Locate the line bearing "Hypotheses (f1_convex : convex_fun" in the material below, then reproduce it and each following line up to and including the line bearing "(gam / (1 - al)))).".
============================================================
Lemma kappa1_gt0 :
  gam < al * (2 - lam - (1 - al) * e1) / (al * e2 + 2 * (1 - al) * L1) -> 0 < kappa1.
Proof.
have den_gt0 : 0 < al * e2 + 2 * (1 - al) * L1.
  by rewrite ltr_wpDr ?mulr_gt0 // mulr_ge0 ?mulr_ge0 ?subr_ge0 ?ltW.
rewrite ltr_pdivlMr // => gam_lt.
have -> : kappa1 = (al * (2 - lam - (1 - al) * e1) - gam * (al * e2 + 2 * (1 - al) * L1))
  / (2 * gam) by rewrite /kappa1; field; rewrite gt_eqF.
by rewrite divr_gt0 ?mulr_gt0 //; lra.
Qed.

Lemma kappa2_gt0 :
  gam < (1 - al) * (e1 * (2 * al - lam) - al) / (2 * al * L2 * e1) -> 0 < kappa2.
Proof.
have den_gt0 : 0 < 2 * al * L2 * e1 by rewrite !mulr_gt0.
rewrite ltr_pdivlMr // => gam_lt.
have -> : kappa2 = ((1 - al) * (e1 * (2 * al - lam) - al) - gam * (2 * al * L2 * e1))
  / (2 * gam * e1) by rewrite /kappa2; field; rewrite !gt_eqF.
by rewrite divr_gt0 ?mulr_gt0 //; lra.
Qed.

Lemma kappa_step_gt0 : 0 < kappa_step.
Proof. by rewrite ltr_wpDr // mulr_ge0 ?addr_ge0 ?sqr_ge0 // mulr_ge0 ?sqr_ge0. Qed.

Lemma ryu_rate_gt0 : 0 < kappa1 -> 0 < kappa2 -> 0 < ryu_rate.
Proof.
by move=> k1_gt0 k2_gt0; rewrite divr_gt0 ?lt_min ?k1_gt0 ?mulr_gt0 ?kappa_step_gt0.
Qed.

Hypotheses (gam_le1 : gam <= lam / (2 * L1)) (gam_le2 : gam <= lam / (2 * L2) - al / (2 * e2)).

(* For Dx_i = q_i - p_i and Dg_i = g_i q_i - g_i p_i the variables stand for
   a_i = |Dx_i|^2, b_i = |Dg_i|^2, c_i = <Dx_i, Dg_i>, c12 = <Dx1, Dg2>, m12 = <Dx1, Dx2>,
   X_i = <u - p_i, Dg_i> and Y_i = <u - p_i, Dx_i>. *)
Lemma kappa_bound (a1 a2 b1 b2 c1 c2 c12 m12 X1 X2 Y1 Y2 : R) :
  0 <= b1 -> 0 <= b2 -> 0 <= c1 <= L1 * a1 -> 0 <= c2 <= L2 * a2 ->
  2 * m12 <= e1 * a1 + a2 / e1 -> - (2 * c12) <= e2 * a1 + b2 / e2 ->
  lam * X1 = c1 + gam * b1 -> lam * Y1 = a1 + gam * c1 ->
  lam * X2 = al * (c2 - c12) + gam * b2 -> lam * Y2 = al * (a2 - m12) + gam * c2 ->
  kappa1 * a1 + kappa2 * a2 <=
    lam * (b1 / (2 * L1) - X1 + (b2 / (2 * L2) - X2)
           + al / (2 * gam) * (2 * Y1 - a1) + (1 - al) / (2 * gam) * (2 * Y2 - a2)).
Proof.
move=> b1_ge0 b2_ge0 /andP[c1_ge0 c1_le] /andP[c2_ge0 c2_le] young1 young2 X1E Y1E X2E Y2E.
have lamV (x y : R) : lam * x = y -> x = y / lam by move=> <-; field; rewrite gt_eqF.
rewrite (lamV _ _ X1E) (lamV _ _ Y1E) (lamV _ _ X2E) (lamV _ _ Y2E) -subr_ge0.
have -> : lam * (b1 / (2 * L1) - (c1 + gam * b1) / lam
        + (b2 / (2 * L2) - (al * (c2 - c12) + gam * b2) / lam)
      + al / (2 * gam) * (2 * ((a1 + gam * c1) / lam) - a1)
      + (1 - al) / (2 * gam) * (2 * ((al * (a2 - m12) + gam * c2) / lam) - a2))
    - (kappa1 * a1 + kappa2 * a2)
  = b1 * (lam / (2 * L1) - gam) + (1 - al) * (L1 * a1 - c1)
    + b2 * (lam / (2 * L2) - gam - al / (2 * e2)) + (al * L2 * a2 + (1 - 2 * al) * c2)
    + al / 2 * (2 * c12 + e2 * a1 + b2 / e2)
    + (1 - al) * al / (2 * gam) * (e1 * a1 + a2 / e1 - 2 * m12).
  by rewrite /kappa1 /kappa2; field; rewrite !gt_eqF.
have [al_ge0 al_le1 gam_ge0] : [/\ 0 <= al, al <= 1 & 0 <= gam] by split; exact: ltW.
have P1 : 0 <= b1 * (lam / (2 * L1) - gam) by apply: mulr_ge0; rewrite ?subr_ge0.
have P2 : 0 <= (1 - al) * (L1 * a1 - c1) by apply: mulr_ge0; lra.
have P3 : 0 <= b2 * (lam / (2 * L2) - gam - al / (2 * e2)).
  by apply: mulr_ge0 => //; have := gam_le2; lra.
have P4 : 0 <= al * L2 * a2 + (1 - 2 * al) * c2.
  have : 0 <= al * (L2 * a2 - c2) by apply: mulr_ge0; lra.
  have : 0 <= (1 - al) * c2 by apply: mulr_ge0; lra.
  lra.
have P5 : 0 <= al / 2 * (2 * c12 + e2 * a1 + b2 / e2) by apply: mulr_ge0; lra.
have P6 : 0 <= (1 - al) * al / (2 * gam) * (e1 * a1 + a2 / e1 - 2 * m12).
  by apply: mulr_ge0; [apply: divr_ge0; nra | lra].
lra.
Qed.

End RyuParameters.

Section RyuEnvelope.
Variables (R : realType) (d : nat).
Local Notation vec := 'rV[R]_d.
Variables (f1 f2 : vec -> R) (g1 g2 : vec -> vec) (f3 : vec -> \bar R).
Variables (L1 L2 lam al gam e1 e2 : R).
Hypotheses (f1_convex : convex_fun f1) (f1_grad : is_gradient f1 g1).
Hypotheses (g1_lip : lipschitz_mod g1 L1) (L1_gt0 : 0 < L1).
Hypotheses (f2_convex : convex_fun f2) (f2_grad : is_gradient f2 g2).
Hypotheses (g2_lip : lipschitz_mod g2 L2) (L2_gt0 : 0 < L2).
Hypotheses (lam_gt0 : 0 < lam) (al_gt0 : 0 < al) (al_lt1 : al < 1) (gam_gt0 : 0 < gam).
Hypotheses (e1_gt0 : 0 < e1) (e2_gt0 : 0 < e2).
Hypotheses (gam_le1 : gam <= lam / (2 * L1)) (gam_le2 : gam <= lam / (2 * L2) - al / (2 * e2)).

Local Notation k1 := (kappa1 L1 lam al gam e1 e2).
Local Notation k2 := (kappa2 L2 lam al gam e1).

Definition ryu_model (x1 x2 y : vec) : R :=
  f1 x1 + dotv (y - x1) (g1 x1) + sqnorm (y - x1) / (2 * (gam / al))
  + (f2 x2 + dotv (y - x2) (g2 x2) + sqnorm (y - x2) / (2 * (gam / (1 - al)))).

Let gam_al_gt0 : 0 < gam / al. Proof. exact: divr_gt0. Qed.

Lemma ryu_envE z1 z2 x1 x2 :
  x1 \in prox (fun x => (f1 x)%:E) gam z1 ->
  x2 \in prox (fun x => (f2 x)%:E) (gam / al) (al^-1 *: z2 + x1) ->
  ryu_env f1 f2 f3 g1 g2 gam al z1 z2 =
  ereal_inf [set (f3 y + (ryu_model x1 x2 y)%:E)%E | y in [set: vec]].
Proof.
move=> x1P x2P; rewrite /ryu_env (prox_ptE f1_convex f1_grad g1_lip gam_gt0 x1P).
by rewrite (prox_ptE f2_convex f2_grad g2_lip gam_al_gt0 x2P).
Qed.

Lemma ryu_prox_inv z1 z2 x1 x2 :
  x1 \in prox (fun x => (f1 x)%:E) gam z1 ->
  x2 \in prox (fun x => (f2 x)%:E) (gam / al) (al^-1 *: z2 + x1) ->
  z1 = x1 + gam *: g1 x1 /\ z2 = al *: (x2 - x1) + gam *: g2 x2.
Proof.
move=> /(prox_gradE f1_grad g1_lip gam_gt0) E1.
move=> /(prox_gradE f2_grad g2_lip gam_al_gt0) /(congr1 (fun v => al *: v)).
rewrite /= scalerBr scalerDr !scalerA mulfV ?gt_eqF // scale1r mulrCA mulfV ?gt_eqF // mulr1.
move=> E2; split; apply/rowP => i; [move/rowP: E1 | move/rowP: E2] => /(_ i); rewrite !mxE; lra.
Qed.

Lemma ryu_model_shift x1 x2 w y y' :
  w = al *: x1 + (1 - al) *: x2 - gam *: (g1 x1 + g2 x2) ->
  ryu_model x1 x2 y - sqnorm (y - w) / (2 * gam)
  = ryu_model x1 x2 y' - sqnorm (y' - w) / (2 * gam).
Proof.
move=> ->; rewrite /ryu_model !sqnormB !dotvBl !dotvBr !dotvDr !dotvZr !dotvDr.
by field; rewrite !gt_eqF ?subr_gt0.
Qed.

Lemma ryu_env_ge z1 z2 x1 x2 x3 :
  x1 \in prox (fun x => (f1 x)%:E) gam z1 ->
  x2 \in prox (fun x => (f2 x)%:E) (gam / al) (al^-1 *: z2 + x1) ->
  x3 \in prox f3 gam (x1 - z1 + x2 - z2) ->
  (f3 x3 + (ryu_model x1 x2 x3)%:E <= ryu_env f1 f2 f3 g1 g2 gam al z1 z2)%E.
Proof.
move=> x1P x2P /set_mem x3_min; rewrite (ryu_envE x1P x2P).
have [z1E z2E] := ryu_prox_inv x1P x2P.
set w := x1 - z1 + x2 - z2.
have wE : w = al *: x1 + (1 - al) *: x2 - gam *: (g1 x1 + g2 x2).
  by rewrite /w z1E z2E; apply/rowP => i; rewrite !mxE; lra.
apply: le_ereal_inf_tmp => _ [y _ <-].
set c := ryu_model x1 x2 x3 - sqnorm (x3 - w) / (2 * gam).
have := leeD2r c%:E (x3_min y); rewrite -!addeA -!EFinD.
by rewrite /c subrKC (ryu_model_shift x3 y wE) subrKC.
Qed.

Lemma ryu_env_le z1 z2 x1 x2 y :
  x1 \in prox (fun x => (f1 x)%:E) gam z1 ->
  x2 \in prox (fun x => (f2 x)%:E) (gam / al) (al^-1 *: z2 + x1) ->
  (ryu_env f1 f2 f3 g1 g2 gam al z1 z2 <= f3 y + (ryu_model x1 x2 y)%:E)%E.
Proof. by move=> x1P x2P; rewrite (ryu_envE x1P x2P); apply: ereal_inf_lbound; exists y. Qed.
============================================================
**RESPONSE BELOW**
Hypotheses (f1_convex : convex_fun f1) (f1_grad : is_gradient f1 g1).
Hypotheses (g1_lip : lipschitz_mod g1 L1) (L1_gt0 : 0 < L1).
Hypotheses (f2_convex : convex_fun f2) (f2_grad : is_gradient f2 g2).
Hypotheses (g2_lip : lipschitz_mod g2 L2) (L2_gt0 : 0 < L2).
Hypotheses (lam_gt0 : 0 < lam) (al_gt0 : 0 < al) (al_lt1 : al < 1) (gam_gt0 : 0 < gam).
Hypotheses (e1_gt0 : 0 < e1) (e2_gt0 : 0 < e2).
Hypotheses (gam_le1 : gam <= lam / (2 * L1)) (gam_le2 : gam <= lam / (2 * L2) - al / (2 * e2)).

Local Notation k1 := (kappa1 L1 lam al gam e1 e2).
Local Notation k2 := (kappa2 L2 lam al gam e1).

Definition ryu_model (x1 x2 y : vec) : R :=
  f1 x1 + dotv (y - x1) (g1 x1) + sqnorm (y - x1) / (2 * (gam / al))
  + (f2 x2 + dotv (y - x2) (g2 x2) + sqnorm (y - x2) / (2 * (gam / (1 - al)))).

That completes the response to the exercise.